I don't read westerns and so am not familiar with the various authors'
styles, just a few names. So I'll pick a name out of a hat: Zane Grey.
mary
response 96 of 207: Mark Unseen   Nov 10 22:56 UTC 1998

This sounds badly written enough to be by the
guy who wrote _Bridges of Madison County_.
senna
response 97 of 207: Mark Unseen   Nov 11 01:39 UTC 1998

Carl Sagan?
sjones
response 98 of 207: Mark Unseen   Nov 11 14:47 UTC 1998

zane grey is still not recent enough - you're after someone still 
writing today - and it's not the bridges of madison county author or 
good old carl...

looking back at the second passage, i can see why you might think it's 
written badly - but it's all very deliberate, and i reckon he's the most 
powerful writer of descriptive prose alive, in his enormously 
idiosyncratic way... for example:

'He watched the night sky through the front room window.  The earliest 
stars coined out of the dark coping to the south hanging in the dead 
wickerwork of the trees along the river.  The light of the unrisen moon 
lying in a sulphur haze over the valley to the east.  He watched while 
the light ran out along the edges of the desert prairie and the dome of 
the moon rose out of the ground white and fat and membranous.  Then he 
climbed down from the chair where he'd been kneeling and went to get his 
brother.'

and the run-on sentence?  you bet!  i've not quoted any of the *long* 
ones yet...:)

he breaks rules, to be sure; but then again, so did hemingway...
 
er... being new to all this, i'm not entirely sure what sort of clues to 
offer - so feel free to ask for hints in areas where you think it might 
help...

how about:  he lives in el paso, texas, and the new york times book 
review called him a 'great and inventive storyteller...<who> writes 
brilliantly and knowledgeably about animals and landscapes.'
remmers
response 99 of 207: Mark Unseen   Nov 11 15:43 UTC 1998

A contemporary Texas author. Don't know of many. I believe Larry
McMurtry is a Texan, but I don't think this is him.
jep
response 100 of 207: Mark Unseen   Nov 11 16:32 UTC 1998

James Herriot is not an American, but I'll throw that in as a guess 
anyway.
omni
response 101 of 207: Mark Unseen   Nov 11 20:46 UTC 1998

  McMurtry lives in Washington DC. 
atticus
response 102 of 207: Mark Unseen   Nov 11 23:14 UTC 1998

James Lee Burke?
janc
response 103 of 207: Mark Unseen   Nov 12 05:36 UTC 1998

Kinky Friedman?  I've never made it through one of his books, but I kind
of like his albums.
sjones
response 104 of 207: Mark Unseen   Nov 12 14:12 UTC 1998

no to kinky friedman, james lee burke, larry mcmurtry and james herriot. 
james lee burke is the closest in terms of style and selling power, and 
certainly has some of the same kind of underlying darkness, but this 
writer doesn't really tread into the detective genre.

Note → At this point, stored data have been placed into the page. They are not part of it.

(* Let $\hat\mu$ be a randomized base policy, i.e., a fixed probability distribution on $\mathcal U$ from which, in each slot, the action $\mathbf u$ is drawn independently of the state and of the arrivals; write $\mathbb E^{\hat\mu}$ for expectation over $\mathbf u\sim\hat\mu$. For each $n\in\mathcal N$ and $m\in\mathcal M_n$, let $(\hat\theta_{n,m},\hat V_{n,m})$, with $\hat\theta_{n,m}\in\mathbb R$ and $\hat V_{n,m}:\mathcal Q_{n,m}\to\mathbb R$, satisfy $$\hat\theta_{n,m}+\hat V_{n,m}(Q_{n,m})=\mathbb E^{\hat\mu}[g_{n,m}(Q_{n,m},\mathbf u)]+\sum_{Q'_{n,m}\in\mathcal Q_{n,m}}\mathbb E^{\hat\mu}\big[\Pr[Q'_{n,m}\mid Q_{n,m},\mathbf u]\big]\hat V_{n,m}(Q'_{n,m})\quad\forall Q_{n,m}\in\mathcal Q_{n,m},$$ where $g_{n,m}(Q_{n,m},\mathbf u)=Q_{n,m}+w\,\mathbf 1(u_n=m)p(n,m)$ and $\Pr[Q'_{n,m}\mid Q_{n,m},\mathbf u]$ is the probability that the $(n,m)$-component of the next state equals $Q'_{n,m}$ given current component $Q_{n,m}$ and action $\mathbf u$. Then $\hat\theta=\sum_{n\in\mathcal N}\sum_{m\in\mathcal M_n}\hat\theta_{n,m}$ and $\hat V(\mathbf Q)=\sum_{n\in\mathcal N}\sum_{m\in\mathcal M_n}\hat V_{n,m}(Q_{n,m})$ satisfy $$\hat\theta+\hat V(\mathbf Q)=\mathbb E^{\hat\mu}[g(\mathbf Q,\mathbf u)]+\sum_{\mathbf Q'\in\mathcal Q}\mathbb E^{\hat\mu}\big[\Pr[\mathbf Q'\mid\mathbf Q,\mathbf u]\big]\hat V(\mathbf Q')\quad\forall\mathbf Q\in\mathcal Q,$$ i.e., the value function of $\hat\mu$ is additively separable over BS-content pairs.
   Context: Model. Let $N\ge 1$, $\mathcal N=\{0,1,\dots,N\}$ (base station $0$ is the macro base station, MBS) and $\mathcal N^+=\{1,\dots,N\}$ (small base stations, SBSs). Let $\mathcal M=\{1,\dots,M\}$ be the set of contents. For each $n\in\mathcal N$ let $\mathcal M_n\subseteq\mathcal M$ be the set of contents cached at BS $n$, with $\mathcal M_0=\mathcal M$; put $\tilde{\mathcal M}_n=\mathcal M_n\cup\{0\}$ and $\mathcal N_m=\{n\in\mathcal N^+: m\in\mathcal M_n\}$. Powers $p(n,m)\ge 0$ are given for $n\in\mathcal N$, $m\in\mathcal M_n$, and $p(n,0)=0$. A weight $w\ge 0$ is fixed. The feasible action space is $\mathcal U=\{\mathbf u=(u_n)_{n\in\mathcal N}: u_n\in\tilde{\mathcal M}_n\ \forall n,\ u_0\sum_{n\in\mathcal N^+}u_n=0\}$. A state is $\mathbf Q=(Q_{n,m})_{n\in\mathcal N,m\in\mathcal M_n}$ with $Q_{n,m}\in\mathcal Q_{n,m}=\{0,1,\dots,N_{n,m}\}$ for given positive integers $N_{n,m}$; $\mathcal Q=\prod_{n\in\mathcal N}\prod_{m\in\mathcal M_n}\mathcal Q_{n,m}$. Arrivals $A_{n,m}$ ($n\in\mathcal N$, $m\in\mathcal M$) are mutually independent nonnegative-integer random variables with fixed distributions, i.i.d. across time slots; $\tilde A_{0,m}=A_{0,m}+\sum_{n\in\mathcal N^+\setminus\mathcal N_m}A_{n,m}$. Given state $\mathbf Q$ and action $\mathbf u$, the next state $\mathbf Q'$ is $Q'_{0,m}=\min\{\mathbf 1(u_0\neq m)Q_{0,m}+\tilde A_{0,m},N_{0,m}\}$ for $m\in\mathcal M_0$ and $Q'_{n,m}=\min\{\mathbf 1(u_0\neq m\text{ and }u_n\neq m)Q_{n,m}+A_{n,m},N_{n,m}\}$ for $n\in\mathcal N^+$, $m\in\mathcal M_n$; $\Pr[\mathbf Q'\mid\mathbf Q,\mathbf u]$ is the induced transition probability. The per-stage cost is $g(\mathbf Q,\mathbf u)=d(\mathbf Q)+w\,p(\mathbf u)$ with $d(\mathbf Q)=\sum_{n\in\mathcal N}\sum_{m\in\mathcal M_n}Q_{n,m}$ and $p(\mathbf u)=\sum_{n\in\mathcal N}p(n,u_n)$. *)

From HB Require Import structures.
From mathcomp Require Import all_boot all_order all_algebra.
Set Implicit Arguments. Unset Strict Implicit. Unset Printing Implicit Defensive.
Import Order.TTheory GRing.Theory Num.Theory.
Local Open Scope ring_scope.

(* Conventions: base stations are 'I_(N.+1) (ord0 = MBS); content indices are
   encoded as values of 'I_(M.+1), where 0 (= ord0) means "no content / idle"
   and the contents are 1..M.  Ms n is the cache set M_n (a subset of {1..M}). *)

Section Model.
Variables (R : realFieldType) (N M : nat).
Variable Ms : 'I_(N.+1) -> {set 'I_(M.+1)}.
Variable Nb : 'I_(N.+1) -> 'I_(M.+1) -> nat.

Definition pairT := ('I_(N.+1) * 'I_(M.+1))%type.

Definition vpair (p : pairT) : bool := p.2 \in Ms p.1.

(* A common bound K >= every N_{n,m}; used to size finite types. *)
Definition Kb : nat := (\max_(p : pairT) Nb p.1 p.2)%N.

Definition actT := {ffun 'I_(N.+1) -> 'I_(M.+1)}.
Definition Uset : {set actT} :=
  [set u : actT | [forall n, (u n == ord0) || (u n \in Ms n)] &&
     ((nat_of_ord (u ord0)) * (\sum_(n | n != ord0) nat_of_ord (u n)) == 0)%N].

(* States Q = (Q_{n,m}) with Q_{n,m} in {0..N_{n,m}}; entries outside the
   BS-content pairs are fixed to 0 (so Qset is in bijection with the product). *)
Definition stT := {ffun pairT -> 'I_(Kb.+1)}.
Definition Qset : {set stT} :=
  [set Q : stT | [forall p, if vpair p then (Q p <= Nb p.1 p.2)%N
                            else (nat_of_ord (Q p) == 0)%N]].

(* Probability mass function on nat: nonnegative and summing to 1
   (the infinite sum written out as a limit of the monotone partial sums). *)
Definition is_pmf (f : nat -> R) : Prop :=
  (forall k, 0 <= f k) /\ (forall K, \sum_(k < K) f k <= 1) /\
  (forall e, 0 < e -> exists K, 1 - e <= \sum_(k < K) f k).

(* Law of min(A, Kb) for A ~ f, a random variable in {0..Kb}. *)
Definition ptrunc (f : nat -> R) (k : 'I_(Kb.+1)) : R :=
  if (k < Kb)%N then f k else 1 - \sum_(j < Kb) f j.

(* Arrival vectors (A_{n,m}) truncated at Kb (n in N, m in {1..M}; the m = 0
   entries are fixed to 0). Since every N_{n,m} <= Kb, the next state computed
   from the truncated arrivals coincides with the one computed from A. *)
Definition arrT := {ffun pairT -> 'I_(Kb.+1)}.
Definition Bset : {set arrT} :=
  [set B : arrT | [forall n, nat_of_ord (B (n, ord0)) == 0%N]].

Variable a : 'I_(N.+1) -> 'I_(M.+1) -> nat -> R.

Definition PrB (B : arrT) : R :=
  \prod_(p : pairT | p.2 != ord0) ptrunc (a p.1 p.2) (B p).

Definition Atil0 (m : 'I_(M.+1)) (B : arrT) : nat :=
  (B (ord0, m) + \sum_(n : 'I_(N.+1) | (n != ord0) && (m \notin Ms n)) B (n, m))%N.

Definition nextc (n : 'I_(N.+1)) (m : 'I_(M.+1)) (x : nat) (u : actT) (B : arrT)
  : nat :=
  if n == ord0 then minn ((u ord0 != m) * x + Atil0 m B) (Nb n m)
  else minn (((u ord0 != m) && (u n != m)) * x + B (n, m)) (Nb n m).

Definition Pcomp n m (x : nat) (u : actT) (q' : nat) : R :=
  \sum_(B in Bset) PrB B * (nextc n m x u B == q')%:R.

Definition Ptrans (Q : stT) (u : actT) (Q' : stT) : R :=
  \sum_(B in Bset) PrB B *
     ([forall p : pairT, vpair p ==> (nextc p.1 p.2 (Q p) u B == Q' p)])%:R.

Variables (pw : 'I_(N.+1) -> 'I_(M.+1) -> R) (w : R).

Definition dcost (Q : stT) : R := (\sum_(p : pairT | vpair p) nat_of_ord (Q p))%:R.
Definition pcost (u : actT) : R := \sum_(n : 'I_(N.+1)) pw n (u n).
Definition gcost (Q : stT) (u : actT) : R := dcost Q + w * pcost u.

Definition gcomp n m (x : nat) (u : actT) : R :=
  x%:R + w * ((u n == m)%:R * pw n m).

Definition is_policy (mu : actT -> R) : Prop :=
  (forall u, 0 <= mu u) /\ (forall u, u \notin Uset -> mu u = 0) /\
  \sum_(u in Uset) mu u = 1.

Definition Emu (mu : actT -> R) (f : actT -> R) : R := \sum_(u in Uset) mu u * f u.

End Model.

(** The cost and the transition kernel both factor through BS-content pairs:
    the per-stage cost is the sum of the pair costs, and, conditionally on the
    action and on the (common) arrival vector, the next state is the
    deterministic vector of next pair components.  Hence summing the pair
    Bellman equations, averaging over the policy and over the arrivals
    commutes with the sum over pairs, and the summed value function satisfies
    the joint Bellman equation. *)

From HB Require Import structures.
From mathcomp Require Import all_boot all_order all_algebra.
Set Implicit Arguments. Unset Strict Implicit. Unset Printing Implicit Defensive.
Import Order.TTheory GRing.Theory Num.Theory.
Local Open Scope ring_scope.

Section Separability.
Variables (R : realFieldType) (N M : nat).
Variable Ms : 'I_(N.+1) -> {set 'I_(M.+1)}.
Variable Nb : 'I_(N.+1) -> 'I_(M.+1) -> nat.
Variable a : 'I_(N.+1) -> 'I_(M.+1) -> nat -> R.

Lemma Emu_sum (mu : actT N M -> R) (I : finType) (P : pred I)
    (F : I -> actT N M -> R) :
  Emu Ms mu (fun u => \sum_(i | P i) F i u) = \sum_(i | P i) Emu Ms mu (F i).
Proof.
rewrite /Emu exchange_big /=.
by apply: eq_bigr => u _; rewrite mulr_sumr.
Qed.

Lemma Emu_mulr (mu : actT N M -> R) (f : actT N M -> R) (c : R) :
  Emu Ms mu f * c = Emu Ms mu (fun u => f u * c).
Proof. by rewrite /Emu mulr_suml; apply: eq_bigr => u _; rewrite mulrA. Qed.

Lemma Nb_le_Kb n m : (Nb n m <= Kb Nb)%N.
Proof. exact: (@leq_bigmax _ (fun p : pairT N M => Nb p.1 p.2) (n, m)). Qed.

Lemma nextc_le n m x u B : (nextc (Nb:=Nb) Ms n m x u B <= Nb n m)%N.
Proof. by rewrite /nextc; case: ifP => _; rewrite geq_minr. Qed.

Lemma sum_Pcomp_mul n m x u (f : nat -> R) :
  \sum_(q' < (Nb n m).+1) Pcomp Ms Nb a n m x u q' * f q' =
  \sum_(B in Bset Nb) PrB a B * f (nextc (Nb:=Nb) Ms n m x u B).
Proof.
rewrite /Pcomp; under eq_bigr do rewrite mulr_suml.
rewrite exchange_big /=; apply: eq_bigr => B _.
under eq_bigr do rewrite -mulrA.
rewrite -mulr_sumr; congr (_ * _).
have next_lt : (nextc (Nb:=Nb) Ms n m x u B < (Nb n m).+1)%N
  by rewrite ltnS nextc_le.
rewrite (bigD1 (Ordinal next_lt)) //= eqxx mul1r big1 ?addr0 // => q' q'_ne.
rewrite (_ : (_ == _) = false) ?mul0r //; apply: contraNF q'_ne => /eqP next_q'.
by apply/eqP/val_inj; rewrite /= next_q'.
Qed.

(* Off the BS-content pairs the entries are set to 0, as [Qset] requires. *)
Definition nextQ (Q : stT Nb) (u : actT N M) (B : arrT Nb) : stT Nb :=
  [ffun p => if vpair Ms p then inord (nextc (Nb:=Nb) Ms p.1 p.2 (Q p) u B)
             else ord0].

Lemma nextQ_pair (Q : stT Nb) u B p : vpair Ms p ->
  nat_of_ord (nextQ Q u B p) = nextc (Nb:=Nb) Ms p.1 p.2 (Q p) u B.
Proof.
by move=> vp; rewrite ffunE vp inordK // ltnS (leq_trans (nextc_le _ _ _ _ _)) ?Nb_le_Kb.
Qed.

Lemma nextQ_in_Qset (Q : stT Nb) u B : nextQ Q u B \in Qset Ms Nb.
Proof.
rewrite inE; apply/forallP => p.
case vp: (vpair Ms p); first by rewrite nextQ_pair ?nextc_le.
by rewrite ffunE vp.
Qed.

Lemma nextc_agreeE (Q : stT Nb) u B (Q' : stT Nb) : Q' \in Qset Ms Nb ->
  [forall p, vpair Ms p ==> (nextc (Nb:=Nb) Ms p.1 p.2 (Q p) u B == Q' p)] =
  (Q' == nextQ Q u B).
Proof.
move=> /[!inE] /forallP Q'_in; apply/forallP/eqP => [agree | ->].
  apply/ffunP => p; apply: val_inj => /=; have := Q'_in p.
  case vp: (vpair Ms p); last by move=> /eqP ->; rewrite ffunE vp.
  by rewrite nextQ_pair //; have /implyP/(_ vp)/eqP := agree p.
by move=> p; apply/implyP => vp; rewrite nextQ_pair.
Qed.

Lemma sum_Ptrans_mul (Q : stT Nb) u (G : stT Nb -> R) :
  \sum_(Q' in Qset Ms Nb) Ptrans (Nb:=Nb) Ms a Q u Q' * G Q' =
  \sum_(B in Bset Nb) PrB a B * G (nextQ Q u B).
Proof.
rewrite /Ptrans; under eq_bigr do rewrite mulr_suml.
rewrite exchange_big /=; apply: eq_bigr => B _.
rewrite (bigD1 (nextQ Q u B)) ?nextQ_in_Qset //= nextc_agreeE ?nextQ_in_Qset //.
rewrite eqxx mulr1 big1 ?addr0 // => Q' /andP[Q'_in Q'_ne].
by rewrite nextc_agreeE // (negbTE Q'_ne) mulr0 mul0r.
Qed.

Variables (pw : 'I_(N.+1) -> 'I_(M.+1) -> R) (w : R).
Hypothesis idle_uncached : forall n, ord0 \notin Ms n.
Hypothesis idle_free : forall n, pw n ord0 = 0.

(* Under a feasible action each BS serves one of its cached contents or idles
   at zero power, so its power is recovered by summing over its cache. *)
Lemma pcost_pairs u : u \in Uset Ms ->
  \sum_(p : pairT N M | vpair Ms p) (u p.1 == p.2)%:R * pw p.1 p.2 = pcost pw u.
Proof.
move=> /[!inE] /andP[/forallP u_feas _].
rewrite /pcost -(pair_big_dep xpredT (fun n m => m \in Ms n)
  (fun n m => (u n == m)%:R * pw n m)) /=.
apply: eq_bigr => n _; have /orP[/eqP un0 | un_in] := u_feas n.
  rewrite un0 idle_free big1 // => m m_in.
  by rewrite (_ : (ord0 == m) = false) ?mul0r //; apply: contraNF (idle_uncached n) => /eqP ->.
rewrite (bigD1 (u n)) //= eqxx mul1r big1 ?addr0 // => m /andP[_ m_ne].
by rewrite eq_sym (negbTE m_ne) mul0r.
Qed.

Lemma gcost_pairs (Q : stT Nb) u : u \in Uset Ms ->
  \sum_(p : pairT N M | vpair Ms p) gcomp pw w p.1 p.2 (Q p) u = gcost Ms pw w Q u.
Proof.
move=> u_feas; rewrite /gcomp big_split /= -mulr_sumr pcost_pairs //.
by rewrite /gcost /dcost natr_sum.
Qed.

End Separability.

Theorem lemma4 (R : realFieldType) (N M : nat)
  (Ms : 'I_(N.+1) -> {set 'I_(M.+1)})
  (Nb : 'I_(N.+1) -> 'I_(M.+1) -> nat)
  (a : 'I_(N.+1) -> 'I_(M.+1) -> nat -> R)
  (pw : 'I_(N.+1) -> 'I_(M.+1) -> R) (w : R)
  (mu : actT N M -> R)
  (theta : 'I_(N.+1) -> 'I_(M.+1) -> R)
  (V : 'I_(N.+1) -> 'I_(M.+1) -> nat -> R)
  (HN : (0 < N)%N)
  (HMs0 : Ms ord0 = [set m | m != ord0])
  (HMs : forall n, ord0 \notin Ms n)
  (HNb : forall n m, m \in Ms n -> (0 < Nb n m)%N)
  (Hpw : forall n m, m \in Ms n -> 0 <= pw n m)
  (Hpw0 : forall n, pw n ord0 = 0)
  (Hw : 0 <= w)
  (Ha : forall n m, m != ord0 -> is_pmf (a n m))
  (Hmu : is_policy Ms mu)
  (Hloc : forall n m, m \in Ms n -> forall q : nat, (q <= Nb n m)%N ->
     theta n m + V n m q =
       Emu Ms mu (gcomp pw w n m q) +
       \sum_(q' < (Nb n m).+1)
          Emu Ms mu (fun u => Pcomp Ms Nb a n m q u q') * V n m q') :
  forall Q, Q \in Qset Ms Nb ->
    (\sum_(p : pairT N M | vpair Ms p) theta p.1 p.2) +
      (\sum_(p : pairT N M | vpair Ms p) V p.1 p.2 (Q p)) =
    Emu Ms mu (gcost (Nb:=Nb) Ms pw w Q) +
    \sum_(Q' in Qset Ms Nb)
       Emu Ms mu (fun u => Ptrans (Nb:=Nb) Ms a Q u Q') *
       (\sum_(p : pairT N M | vpair Ms p) V p.1 p.2 (Q' p)).
Proof.
move=> Q /[!inE] /forallP Q_in.
have Q_pair p : vpair Ms p -> (Q p <= Nb p.1 p.2)%N by have := Q_in p => /[swap] ->.
pose Vsum (Q' : stT Nb) := \sum_(p : pairT N M | vpair Ms p) V p.1 p.2 (Q' p).
rewrite -big_split /= (eq_bigr _ (fun p vp => Hloc p.1 p.2 vp (Q p) (Q_pair p vp))).
rewrite big_split /=; congr (_ + _).
  by rewrite -Emu_sum /Emu; apply: eq_bigr => u u_feas; rewrite (gcost_pairs _ HMs Hpw0).
transitivity (Emu Ms mu (fun u => \sum_(B in Bset Nb) PrB a B * Vsum (nextQ Ms Q u B))).
  under eq_bigr do under eq_bigr do rewrite Emu_mulr.
  under eq_bigr do rewrite -Emu_sum.
  rewrite -Emu_sum /Emu; apply: eq_bigr => u _; congr (_ * _).
  under eq_bigr do rewrite sum_Pcomp_mul.
  rewrite exchange_big /=; apply: eq_bigr => B _.
  by rewrite /Vsum mulr_sumr; apply: eq_bigr => p vp; rewrite nextQ_pair.
under [RHS]eq_bigr do rewrite Emu_mulr.
by rewrite -Emu_sum /Emu; apply: eq_bigr => u _; rewrite sum_Ptrans_mul.
Qed.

i'm running out of ideas as to what sort of clues to offer, so please 
feel free to make suggestions.  here, meanwhile, is the opening 
paragraph of the book:

'When they came south out of Grant County Boyd was not much more than a 
baby and the newly formed county they'd named Hidalgo was itself little 
older than a child.  In the country they'd quit lay the bones of a 
sister and the bones of his maternal grandmother.  The new country was 
rich and wild.  You could ride clear to Mexico and not strike a 
crossfence.  He carried Boyd before him in the bow of the saddle and 
named to him features of the landscape and birds and animals in both 
spanish and english.  In the new house they slept in the room off the 
kitchen and he would lie awake at night and listen to his brother's 
breathing in the dark and he would whisper half aloud to him as he slept 
his plans for them and the life they would have.'
remmers
response 105 of 207: Mark Unseen   Nov 12 15:40 UTC 1998

In a dream, a voice spoke to me: It said "Cormac McCarthy, Cormac 
McCarthy" over and over.

So, um, could it be Cormac McCarthy?
mary
response 106 of 207: Mark Unseen   Nov 12 16:31 UTC 1998

(Er, not quite.  I was whispering "Close the door and let's party".)